··· Data in this exercise ···

(* Let $D$ and $H$ be finite sets of doctors and hospitals with $|D|\ge 2$, $|H|\ge 2$, and let $P$ be a profile with common preferences. For positive integers $l,k$, the homogeneous arrangement $(l,k)$ is adequate at $P$ if and only if $l=k$ or $l,k\ge\min\{|D|,|H|\}$.
   Context: Each $h\in H$ has a strict preference $P_h$ over $D\cup\{h\}$ and each $d\in D$ a strict preference $P_d$ over $H\cup\{d\}$ (ranking below oneself means unacceptable). $P$ has common preferences if all doctors rank the hospitals identically, all hospitals rank the doctors identically, every hospital is acceptable to every doctor and every doctor is acceptable to every hospital. A matching is $\mu:H\cup D\to H\cup D$ with $\mu(h)\in D\cup\{h\}$, $\mu(d)\in H\cup\{d\}$, $\mu(d)=h$ iff $\mu(h)=d$; it is stable if no pair $(d,h)$ has $h\mathrel{P_d}\mu(d)$ and $d\mathrel{P_h}\mu(h)$. An interview arrangement $(\iota,\kappa)$ gives each hospital an interview capacity $\iota_h\in\mathbb N$ and each doctor $\kappa_d\in\mathbb N$; the homogeneous arrangement $(l,k)$ has $\iota_h=l$ for all $h$ and $\kappa_d=k$ for all $d$. An interview matching is a many-to-many matching $\nu$ ($\nu(d)\subseteq H$, $\nu(h)\subseteq D$, $h\in\nu(d)$ iff $d\in\nu(h)$) respecting the capacities. The $(\iota,\kappa)$-matching at $P$: Step 1, $\nu$ is the hospital-optimal pairwise stable interview matching, computed by hospital-proposing deferred acceptance where each agent chooses from a set of proposals its acceptable partners if at most capacity many, else its capacity-many best; Step 2, the final matching is the outcome of doctor-proposing deferred acceptance with each agent $i$'s preference restricted to $\nu(i)$ (only interviewed, acceptable agents are acceptable, ranked by $P_i$). The arrangement is adequate at $P$ if the resulting matching is stable with respect to $P$. *)

From mathcomp Require Import all_boot.
Set Implicit Arguments. Unset Strict Implicit. Unset Printing Implicit Defensive.
(* Let $\mathcal{G}=(V,E_1,\dots,E_T)$ be a public transport graph on $n=|V|$ vertices composed of the routes $\mathcal{W}_1,\dots,\mathcal{W}_m$, such that the underlying graph $U(\mathcal{G})$ is connected. Then there exists an exploration of $\mathcal{G}$ of length at most $(2n-3)\max_{i\in[1,m]}L_i$, where $L_i=|\mathcal{W}_i|$.
   Context: A temporal graph $\mathcal{G}=(V,E_1,\dots,E_T)$ consists of a finite vertex set $V$ and an ordered sequence of edge sets $E_1,\dots,E_T$ on $V$ (timesteps); $T$ is the lifetime; an edge $e$ is active at timestep $t$ if $e\in E_t$; the underlying graph is $U(\mathcal{G})=(V,\bigcup_t E_t)$. A temporal walk is a sequence $((v_{i_1},v_{i_2}),t_1),\dots,((v_{i_{m-1}},v_{i_m}),t_{m-1})$ such that the edges form a walk (end point of each edge is the start point of the next), with $t_1<\dots<t_{m-1}$; its length is $t_{m-1}$ (the timestep of its last step). In a temporal graph, a temporal walk additionally requires each edge $(v_{i_j},v_{i_{j+1}})$ to be active at timestep $t_j$; it explores $\mathcal{G}$ if every vertex of $V$ belongs to some edge of the walk. A public transport graph with lifetime $T$ is defined by a set of temporal walks (routes) $\mathcal{W}_1,\dots,\mathcal{W}_m$ over a common vertex set $V$: writing the $j$-th step of $\mathcal{W}_i$ as $(\mathcal{W}_i[j],\mathcal{T}_i[j])$ and $L_i=|\mathcal{W}_i|$ (the last timestep of $\mathcal{W}_i$), for each $t\in[1,T]$ an edge $e$ belongs to $E_t$ iff there exist $i\in[1,m]$ and $j$ with $e=\mathcal{W}_i[j]$ and $\mathcal{T}_i[j]=t \bmod L_i$. (Routes are repeated periodically.) *)

From mathcomp Require Import all_boot.
From Stdlib Require Import Relations.
Set Implicit Arguments. Unset Strict Implicit. Unset Printing Implicit Defensive.

Definition step (V : Type) := ((V * V) * nat)%type.
Definition src {V : Type} (x : step V) : V := x.1.1.
Definition dst {V : Type} (x : step V) : V := x.1.2.
Definition time {V : Type} (x : step V) : nat := x.2.

Definition next_step {V : eqType} (x y : step V) : bool :=
  (dst x == src y) && (time x < time y).

(* A temporal walk (ignoring activity of edges): nonempty, timesteps >= 1,
   consecutive edges form a walk, strictly increasing timesteps. *)
Definition is_temporal_walk {V : eqType} (s : seq (step V)) : bool :=
  [&& s != [::], all (fun x => 0 < time x) s & sorted next_step s].

Definition walk_length {V : Type} (s : seq (step V)) : nat :=
  last 0 (map time s).

Definition step_edge {V : eqType} (x : step V) (u v : V) : bool :=
  ((src x == u) && (dst x == v)) || ((src x == v) && (dst x == u)).

(* Public transport graph with routes W : 'I_m -> seq (step V):
   edge {u,v} is in E_t iff some step j of some route W_i has edge {u,v}
   and T_i[j] = t (mod L_i), where L_i = walk_length (W i).
   The routes repeat periodically, so E_t is defined for every t >= 1. *)
Definition pt_active {V : eqType} {m : nat} (W : 'I_m -> seq (step V))
  (t : nat) (u v : V) : Prop :=
  exists i : 'I_m, exists2 x, x \in W i &
    step_edge x u v /\ time x %% walk_length (W i) = t %% walk_length (W i).

Definition pt_temporal_walk {V : eqType} {m : nat} (W : 'I_m -> seq (step V))
  (s : seq (step V)) : Prop :=
  is_temporal_walk s /\ forall x, x \in s -> pt_active W (time x) (src x) (dst x).

Definition explores_all {V : finType} (s : seq (step V)) : Prop :=
  forall v : V, exists2 x, x \in s & (src x == v) || (dst x == v).

Definition underlying_edge {V : eqType} {m : nat} (W : 'I_m -> seq (step V))
  (u v : V) : Prop := exists t, 0 < t /\ pt_active W t u v.

Definition underlying_connected {V : eqType} {m : nat}
  (W : 'I_m -> seq (step V)) : Prop :=
  forall u v : V, clos_refl_trans V (underlying_edge W) u v.

From mathcomp Require Import all_boot zify.
From Stdlib Require Import Relations.

Set Implicit Arguments. Unset Strict Implicit. Unset Printing Implicit Defensive.

(* Since U(G) is connected, there is a closed walk from a root r through all n
   vertices with at most 2 (n - 1) edges: grow it by detours u -> w -> u along
   edges leaving the visited set.  Dropping its last edge (which returns to r)
   leaves a walk through all vertices with at most 2n - 3 edges.  Every route
   W_i repeats with period L_i <= max L_i, so each edge of U(G) is active in
   every window of max L_i consecutive timesteps; taking each edge of the walk
   within max L_i timesteps after the previous one gives the exploration. *)

Lemma exists_congr_in_window (L a c : nat) : 0 < L ->
  exists t, [/\ a < t, t <= a + L & t = c %[mod L]].
Proof.
move=> L_gt0; set r := c %% L; set q := (a + L - r) %/ L.
have r_lt : r < L by rewrite ltn_pmod.
have := divn_eq (a + L - r) L; have := ltn_pmod (a + L - r) L_gt0.
rewrite -/q => rem_lt def_q.
exists (r + q * L); split; [lia | lia |].
by rewrite addnC modnMDl modn_mod.
Qed.

Lemma walk_length_gt0 (V : eqType) (s : seq (step V)) :
  is_temporal_walk s -> 0 < walk_length s.
Proof.
case/and3P; case/lastP: s => [//|s y] _.
by rewrite /walk_length map_rcons last_rcons all_rcons => /andP[].
Qed.

Lemma path_next_step_time (V : eqType) (x0 : step V) s :
  path next_step x0 s -> all (fun x => time x0 < time x) s.
Proof.
move=> x0s; rewrite -(all_map time (ltn (time x0))).
apply: (order_path_min ltn_trans); rewrite path_map.
by apply: sub_path x0s => x y /andP[].
Qed.

Section Walks.

Variables (T : Type) (e : T -> T -> Prop).

(* [path] for a Prop-valued relation, as [underlying_edge] is not decidable. *)
Fixpoint ppath (x : T) (p : seq T) : Prop :=
  if p is y :: p' then e x y /\ ppath y p' else True.

Lemma ppath_cat x p1 p2 :
  ppath x (p1 ++ p2) <-> ppath x p1 /\ ppath (last x p1) p2.
Proof. by elim: p1 x => [|y p1 IH] x /=; [tauto | rewrite IH; tauto]. Qed.

End Walks.

Section CoveringWalk.

Variables (T : finType) (e : T -> T -> Prop).
Hypothesis e_sym : forall u v, e u v -> e v u.
Hypothesis e_connected : forall u v, clos_refl_trans T e u v.

Lemma connected_cross_edge (A : {pred T}) x y : x \in A -> y \notin A ->
  exists u w, [/\ u \in A, w \notin A & e u w].
Proof.
move: (clos_rt_rt1n _ _ _ _ (e_connected x y)).
elim=> [z zA /negP[] //|x0 z y0 e_x0z _ IH] x0A yA.
by case: (boolP (z \in A)) => zA; [exact: IH | exists x0, z].
Qed.

Lemma closed_walk_covering r k : k < #|T| ->
  exists p, [/\ ppath e r p, last r p = r, size p <= 2 * k & k < #|r :: p|].
Proof.
elim: k => [_ | k IH lt_k].
  by exists [::]; split=> //; apply/card_gt0P; exists r; rewrite mem_head.
have [p [rp last_p size_p card_p]] := IH (ltnW lt_k).
case: (ltnP k.+1 #|r :: p|) => [? | le_card].
  by exists p; split=> //; lia.
have [w wNp] : exists w, w \notin r :: p.
  apply/existsP; apply: contraTT lt_k; rewrite negb_exists => /forallP all_p.
  rewrite -leqNgt (leq_trans _ le_card) // subset_leq_card //.
  by apply/subsetP => z _; exact: negbNE (all_p z).
have [u [w' [up w'Np uw']]] := connected_cross_edge (mem_head r p) wNp.
case/splitPl: up rp last_p size_p card_p w'Np
  => p1 p2 last_p1 rp last_p size_p card_p w'Np.
exists (p1 ++ w' :: u :: p2); split.
- move: rp => /ppath_cat[rp1 rp2]; apply/ppath_cat; rewrite last_p1 /=.
  by rewrite last_p1 in rp2; do !split=> //; exact: e_sym.
- by move: last_p; rewrite !last_cat last_p1.
- by move: size_p; rewrite !size_cat /=; lia.
have sub : [predU1 w' & r :: p1 ++ p2] \subset r :: p1 ++ w' :: u :: p2.
  apply/subsetP => z; rewrite !inE !mem_cat !inE.
  by do ![case/orP | move->]; rewrite ?orbT.
apply: leq_trans (subset_leq_card sub); rewrite cardU1 w'Np add1n ltnS.
exact: card_p.
Qed.

Lemma covering_walk : 1 < #|T| ->
  exists r p, [/\ ppath e r p, size p <= 2 * #|T| - 3 & forall v, v \in r :: p].
Proof.
move=> T_gt1; have [r _] : exists r, r \in T by apply/card_gt0P; exact: ltnW.
have [|p [rp last_p size_p card_p]] := @closed_walk_covering r (#|T| - 1).
  lia.
case/lastP: p rp last_p size_p card_p => [|p z] rp last_p size_p card_p.
  exfalso; have /= := leq_trans card_p (card_size [:: r]).
  by rewrite ltnS leqn0 subn_eq0 leqNgt T_gt1.
rewrite last_rcons in last_p; subst z.
have card_full : #|r :: rcons p r| = #|T|.
  by apply/eqP; rewrite eqn_leq max_card -(subnK (ltnW T_gt1)) addn1.
have full := subset_cardP card_full (subset_predT _).
exists r, p; split.
- by move: rp; rewrite -cats1 => /ppath_cat[].
- by move: size_p; rewrite size_rcons; lia.
by move=> v; move: (full v); rewrite !inE mem_rcons !inE orbA orbb.
Qed.

End CoveringWalk.

Section PublicTransport.

Variables (V : eqType) (m : nat) (W : 'I_m -> seq (step V)).
Hypothesis W_walk : forall i, is_temporal_walk (W i).

Local Notation Lmax := (\max_(i < m) walk_length (W i)).

Lemma underlying_edge_sym u v : underlying_edge W u v -> underlying_edge W v u.
Proof.
move=> [t [t_gt0 [i [x xWi [uv tx]]]]]; exists t; split=> //.
by exists i, x => //; rewrite /step_edge orbC.
Qed.

Lemma underlying_edge_active_within a u v : underlying_edge W u v ->
  exists t, [/\ a < t, t <= a + Lmax & pt_active W t u v].
Proof.
move=> [_ [_ [i [x xWi [uv _]]]]].
have L_gt0 := walk_length_gt0 (W_walk i).
have L_le : walk_length (W i) <= Lmax by apply: (leq_bigmax_cond i).
have [t [a_lt t_le t_mod]] := exists_congr_in_window a (time x) L_gt0.
exists t; split=> //; first by rewrite (leq_trans t_le) ?leq_add2l.
by exists i, x.
Qed.

(* [x0] acts as the previous step: the walk starts at [dst x0] after time
   [time x0]. *)
Lemma temporal_walk_along x0 p : ppath (underlying_edge W) (dst x0) p ->
  exists s, [/\ path next_step x0 s, map dst s = p,
    last (time x0) (map time s) <= time x0 + size p * Lmax &
    {in s, forall x, pt_active W (time x) (src x) (dst x)}].
Proof.
elim: p x0 => [|v p IH] x0 /=; first by exists [::]; split=> //; rewrite addn0.
case=> /(underlying_edge_active_within (time x0)) [t [x0_lt t_le uv_t]] vp.
have [s [xs dst_s time_s act_s]] := IH ((dst x0, v), t) vp.
exists (((dst x0, v), t) :: s); split=> /=.
- by rewrite /next_step eqxx x0_lt.
- by rewrite dst_s.
- by rewrite /= (leq_trans time_s) // mulSn addnA leq_add2r.
by move=> x; rewrite inE => /predU1P[-> //|]; exact: act_s.
Qed.

End PublicTransport.

Theorem theorem12 (V : finType) (m : nat) (W : 'I_m -> seq (step V)) :
  2 <= #|V| ->
  (forall i : 'I_m, is_temporal_walk (W i)) ->
  underlying_connected W ->
  exists s : seq (step V),
    [/\ pt_temporal_walk W s, explores_all s &
        walk_length s <= (2 * #|V| - 3) * \max_(i < m) walk_length (W i)].
Proof.
move=> V_gt1 W_walk W_connected.
have [r [p [rp size_p cover]]] :=
  covering_walk (@underlying_edge_sym _ _ W) W_connected V_gt1.
have [s [rs dst_s time_s act_s]] :=
  @temporal_walk_along _ _ W W_walk ((r, r), 0) p rp.
have s_nil : s != [::].
  apply: contraTneq V_gt1 => s0; move: dst_s cover; rewrite s0 => /= <- cover.
  rewrite -leqNgt (leq_trans _ (card_size [:: r])) // subset_leq_card //.
  by apply/subsetP => v _; exact: cover.
exists s; split.
- split=> //; rewrite /is_temporal_walk s_nil (path_sorted rs).
  by rewrite (path_next_step_time rs).
- move=> v; case/predU1P: (cover v) => [->|].
    case: s s_nil rs {dst_s time_s act_s} => // y s _.
    case/andP=> /andP[/eqP r_y _] _.
    by exists y; rewrite ?mem_head // -r_y eqxx.
  by rewrite -dst_s => /mapP[x xs ->]; exists x; rewrite ?eqxx ?orbT.
by rewrite (leq_trans time_s) // leq_mul2r size_p orbT.
Qed.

···

Look above for the line with "consecutive edges form" and the line with "last 0 (map time s).". Write out those two lines and all the lines between them, exactly, and no others.

   consecutive edges form a walk, strictly increasing timesteps. *)
Definition is_temporal_walk {V : eqType} (s : seq (step V)) : bool :=
  [&& s != [::], all (fun x => 0 < time x) s & sorted next_step s].

Definition walk_length {V : Type} (s : seq (step V)) : nat :=
  last 0 (map time s).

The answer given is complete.